I need to know the experience of being a nurse back then. How much respect did nurses have? How is the technology different from now? Were there any specific restrictions or allowances? Thank you so much.

I was still in nursing school in a more rural area in 2000, but worked as a CNA during my summers in breaks in a large teaching hospital in the Chicago suburbs. We had computer based charting in the teaching hospital vs paper charting in the hospitals where I did my clinical rotations. So, I having more "hands on" experience as a CNA and learning on the computer system, I hated paper charting during clinicals.

We also had the Pyxis for all of our medications in the teaching hospital, not in the rural hospitals.
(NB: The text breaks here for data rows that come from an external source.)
Lemma dotv_cross_rot u v w : dotv (cross u v) w = dotv v (cross w u).
Proof. coord3. Qed.

Lemma cross_cross u v w : cross u (cross v w) = dotv u w *: v - dotv u v *: w.
Proof. coord3. Qed.

Lemma binet_cauchy u v w z :
  dotv (cross u v) (cross w z) = dotv u w * dotv v z - dotv u z * dotv v w.
Proof. coord3. Qed.

Lemma cross_combl a b u v : cross (a *: u + b *: v) v = a *: cross u v.
Proof. coord3. Qed.

Lemma dot0v u : dotv 0 u = 0.
Proof. by rewrite dotvC dotv0. Qed.

Lemma dotvv_eq0 u : (dotv u u == 0) = (u == 0).
Proof.
apply/eqP/eqP => [|->]; last exact: dotv0.
rewrite dotvE => u2_eq0; apply: row3P; rewrite mxE; nra.
Qed.

Lemma dotv_neq0l u v : dotv u v != 0 -> u != 0.
Proof. by apply: contraNneq => ->; rewrite dot0v. Qed.

Lemma cross_neq0l u v : cross u v != 0 -> u != 0.
Proof. by apply: contraNneq => ->; rewrite cross0v. Qed.

Lemma cross_eq0C u v : (cross u v == 0) = (cross v u == 0).
Proof. by rewrite crossC oppr_eq0. Qed.

Lemma orth_cross_neq0 u v : u != 0 -> v != 0 -> dotv u v = 0 -> cross u v != 0.
Proof.
move=> u_neq0 v_neq0 uv0; apply/eqP => uv_eq0.
have := binet_cauchy u v u v; rewrite uv_eq0 dot0v (dotvC v u) uv0 mulr0 subr0 => /esym/eqP.
by rewrite mulf_eq0 !dotvv_eq0 (negbTE u_neq0) (negbTE v_neq0).
Qed.

Lemma cross_eq0_dotv u w z : u != 0 -> cross w u = 0 -> dotv u z = 0 -> dotv w z = 0.
Proof.
move=> u_neq0 wu0 uz0; have := binet_cauchy w u z u.
rewrite wu0 dot0v uz0 mulr0 subr0 => /esym/eqP.
by rewrite mulf_eq0 dotvv_eq0 (negbTE u_neq0) orbF => /eqP.
Qed.

Lemma col_mx_dep a b u v :
  (a != 0) || (b != 0) -> a *: u + b *: v = 0 -> ~~ row_free (col_mx u v).
Proof.
move=> ab_neq0 uv_dep; apply/negP => /(mulmx_free_eq0 (row_mx a%:M b%:M)).
rewrite mul_row_col !mul_scalar_mx uv_dep eqxx row_mx_eq0 !fmorph_eq0.
by move/esym/andP => [/eqP a0 /eqP b0]; move: ab_neq0; rewrite a0 b0 eqxx.
Qed.
Lemma ustar_coefficients (N al w r : R) : 0 < r -> al ^ 3 = 9 * N - 15 -> w ^ 3 = r ->
  let a := - al * w in
  let p := - al * (1 / 3 * (w / r)) in
  - al * (1 / 3 * ((1 / 3 - 1) * (w / r / r))) + (N - 1) / r * p + a * p ^ 3 = 0 /\
  p ^ 3 = - (3 * N - 5) / (9 * r ^ 2) /\
  3 * a * p ^ 2 = - (3 * N - 5) / r.
Proof.
  intros Hr Hal3 Hw3 a p.
  replace (a * p ^ 3) with (al * al ^ 3 * (w * w ^ 3) / (27 * r ^ 3)) by (unfold a, p; field; lra).
  replace (p ^ 3) with (- al ^ 3 * w ^ 3 / (27 * r ^ 3)) by (unfold p; field; lra).
  replace (3 * a * p ^ 2) with (- al ^ 3 * w ^ 3 / (3 * r ^ 2)) by (unfold a, p; field; lra).
  rewrite Hal3, Hw3. unfold p. repeat split; field; lra.
Qed.

Lemma alpha_spec (n : nat) : (2 <= n)%nat -> 0 < alpha n /\ alpha n ^ 3 = 9 * INR n - 15.
Proof.
  intros Hn. apply le_INR in Hn. simpl in Hn.
  split; [apply Rpower_pos|]. apply Rpower_third_cube. lra.
Qed.

Lemma nu_spec (n : nat) : (2 <= n)%nat ->
  0 < nu n /\ (INR n - 3 / 2 + nu n) * (nu n - INR n + 3 / 2) = (3 * INR n - 5) / 9.
Proof.
  intros Hn. apply le_INR in Hn. simpl in Hn.
  assert (Hrad : 0 < 36 * INR n ^ 2 - 96 * INR n + 61) by nra.
  pose proof (sqrt_lt_R0 _ Hrad). pose proof (sqrt_sqrt _ (Rlt_le _ _ Hrad)).
  unfold nu. split; [lra|]. nra.
Qed.

Section RadialSolution.

Variables (n : nat) (C lam t : R).
Hypotheses (n_ge_2 : (2 <= n)%nat) (lam_pos : 0 < lam).

Let N : R := INR n.
Let b : R := N - 3 / 2 + nu n.
Let c : R := lam ^ 2 / 4.
Let K : R := C * exp (- lam ^ 2 * t) * Rpower (lam / 2) (nu n).
Let f (k : nat) : R -> R := bessel_series (nu n) k.
Let G1 : R -> R := power_sq_deriv b (f 0) (f 1).
Let G2 : R -> R := power_sq_deriv (b - 1) G1 (power_sq_deriv (b + 2) (f 1) (f 2)).

Definition ufun_r (s : R) : R :=
  - alpha n * (1 / 3 * Rpower s (1 / 3 - 1)) - K * (Rpower s (b - 1) * G1 (c * s ^ 2)).

Definition ufun_rr (s : R) : R :=
  - alpha n * (1 / 3 * ((1 / 3 - 1) * Rpower s (1 / 3 - 1 - 1)))
  - K * (Rpower s (b - 1 - 1) * G2 (c * s ^ 2)).

Lemma nu_n_gt_m1 : -1 < nu n.
Proof. pose proof (nu_spec n n_ge_2). lra. Qed.

Lemma vfun_profile (s : R) : 0 < s -> vfun n C lam s t = K * (Rpower s b * f 0 (c * s ^ 2)).
Proof.
  intros Hs. unfold vfun, K, b, c, f. rewrite BesselJ_scaled by (auto using nu_n_gt_m1).
  unfold Rminus. rewrite (Rpower_plus (N + - (3 / 2))). unfold N. ring.
Qed.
When I was hired after I graduated in 2003 (at the same teaching hospital I worked as an aide), I was able to work as a RN-P (RN Pending)...meaning I hadn't passed my NCLEX yet. I don't think you can do that anymore. Most of my preceptors either had their associates degree or were diploma nurses.

Specializes in Dialysis.

Back then, we were more focused on actual care, as others have stated. It was already changing, but the big focus on profits really hit right after the crash of 2008. Since then, my area has been awful!

Back in 2000 we worked as nurses....fast forward to 2019 I have to remind myself the the big H on the large medical facility is not representing the Hilton yet I will be expected to act more like a hostess and kiss my patients butt, AND save it, and the dietary staff work as cooks, not certified chefs, and once upon a time patients would joke about the mystery meat-now they send it back to be redone!

In 2000 paper was my friend, now there is an ancient computer program that keeps getting longer with annoying check boxes that must be addressed every so many hours that takes forever to complete on each patient. Gotta love when the stupid thing decides to glitch and I to start all over again because it didn’t save before it crapped out...and what idiot make the save key located right next to the delete key on the keyboard? I’m assuming it wasn’t someone who just spent 15 minutes charting on someone that years ago would take less than five minutes to complete written charting.

Years ago nursing was more personalized, now the patients see us as the worker with the rolling cart with pills, 2 million questions, and a bar code scanner. One told me he felt like he died and woke up in Walmart! Everyone is scanning his barcode and most of us doing so are wearing blue (Wally worlds shirt color). Unfortunately his bill will probably look more like a store he’s never shopped at before and the return policy won’t be as flexible.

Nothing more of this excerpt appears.